Carman and others conducted additional testing into the fire behavior of and burn pattern generation in post-flashover fires at the ATF Fire Research Laboratory in July 2008.  The results of each of these tests, which were the basis for a CFITrainer module on “Post-flashover Fire”, have been collected and will be discussed.  This information on the nuances of fire science associated with fully involved, post-flashover burning will identify some of the common difficulties facing fire investigators in interpreting the burn patterns generated in such fires.

About Your Instructor

Steve Carman (ATF Senior Special Agent, retired) is the owner of Carman & Associates Fire Investigation based in Dunsmuir, California.  He served as a Special Agent with ATF from 1988 to 2008 assigned to the Sacramento and Redding, California offices.  He was certified as an ATF Certified Fire Investigator in 1993 and spent more than nine years as a member of the ATF's Western National Response Team.  Steve  graduated from the U.S. Coast Guard Academy in 1980 with a B.S. degree with High Honors in Physical Sciences.  Prior to joining ATF, he served six years as a Coast Guard officer including two as Commanding Officer afloat.  After that he spent two years in the private sector working in chemical and mechanical engineering.

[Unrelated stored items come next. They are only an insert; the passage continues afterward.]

(* Let $H$ be a real or complex Hilbert space of dimension $n$, let $N\ge n$, let $F=\{f_i\}_{i=1}^N$ be a frame for $H$ with frame operator $S_F$, and let $\{q_i\}_{i=1}^N$ be a weight number sequence. Set $c=\max\{q_i\|S_F^{-1/2}f_i\|^2:1\le i\le N\}$, $\Upsilon_1=\{i:q_i\|S_F^{-1/2}f_i\|^2=c\}$, $\Upsilon_2=\{1,\dots,N\}\setminus\Upsilon_1$, and $H_j=\operatorname{span}\{f_i:i\in\Upsilon_j\}$ for $j=1,2$. Suppose $H_1\cap H_2=\{0\}$ and $|\Upsilon_1|\ge2$. Suppose also that for all $i\neq j$ $$\big|\langle S_F^{-1/2}f_i,S_F^{-1/2}f_j\rangle\big|=\sqrt{\frac{1}{q_iq_j}\cdot\frac{n-\sum_{k=1}^N\frac{1}{q_k^2}}{\sum_{r\ne s}\frac{1}{q_rq_s}}}.$$ Then the canonical dual $\{S_F^{-1}f_i\}_{i=1}^N$ is a 2-erasure probabilistic spectrally optimal dual of $F$.
   Context: Inner products are linear in the first argument. A frame for $H$ is a finite sequence spanning $H$. Analysis operator: $\Theta_F f=(\langle f,f_i\rangle)_i$. Synthesis operator: $\Theta_G^*(c)=\sum_i c_ig_i$. Frame operator: $S_F=\Theta_F^*\Theta_F$. A dual of $F$ is a frame $G=\{g_i\}_{i=1}^N$ with $f=\sum_i\langle f,f_i\rangle g_i=\sum_i\langle f,g_i\rangle f_i$ for all $f$. A probability sequence satisfies $0\le p_i\le1$ and $\sum p_i=1$. Weight numbers: $q_i=\frac{\sum_j p_j}{\sum_j p_j-p_i}\cdot\frac{N-1}{n}$ (assumed well defined). For $m\in\{1,2\}$, $\mathcal{D}_m^p$ is the set of $N\times N$ diagonal matrices $D$ for which there is $\Lambda\subseteq\{1,\dots,N\}$ with $|\Lambda|=m$, $D_{ii}=q_i$ for $i\in\Lambda$ and $0$ otherwise. $\mathcal{R}_m^p(F,G)=\max\{\rho(\Theta_G^*D\Theta_F):D\in\mathcal{D}_m^p\}$, with $\rho$ the spectral radius. A dual $G$ is a 1-erasure probabilistic spectrally optimal dual of $F$ if $\mathcal{R}_1^p(F,G)=\inf\{\mathcal{R}_1^p(F,G'): G'\text{ a dual of }F\}$. A dual $G$ is a 2-erasure probabilistic spectrally optimal dual of $F$ if it is a 1-erasure probabilistic spectrally optimal dual of $F$ and $\mathcal{R}_2^p(F,G)=\inf\{\mathcal{R}_2^p(F,G'): G'\text{ a 1-erasure probabilistic spectrally optimal dual of }F\}$. The sum $\sum_{r\ne s}$ runs over ordered pairs $(r,s)$ with $r\ne s$. *)

From HB Require Import structures.
From mathcomp Require Import all_boot all_order all_algebra.
Set Implicit Arguments. Unset Strict Implicit. Unset Printing Implicit Defensive.
Import Order.TTheory GRing.Theory Num.Theory.
Local Open Scope ring_scope.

Steve has investigated several hundred large-loss fires with more than 70 fire deaths and average fire losses of more than $1,000,000.  He has conducted and led numerous, complex arson and explosives investigations throughout the west resulting in many successful federal and state prosecutions.  He has lectured internationally on various aspects of fire science and investigation including fire dynamics, fire chemistry and fire modeling.  Because of his familiarity and work with fire chemistry and physics, Steve has focused much of his work and research towards the study of “unusual” fire behavior and its recognition during investigations.   Among his works was the publishing of an ATF monograph in October 1994 detailing his conclusions regarding a nationally puzzling fire phenomenon dubbed “High Temperature Accelerants.  His most recent work has revolved around efforts to educate the fire investigation community about post-flashover fire behavior.  He is a member of the Board of Directors of the International Association of Arson Investigators.  He is also an adjunct instructor at Cogswell Polytechnic College in California.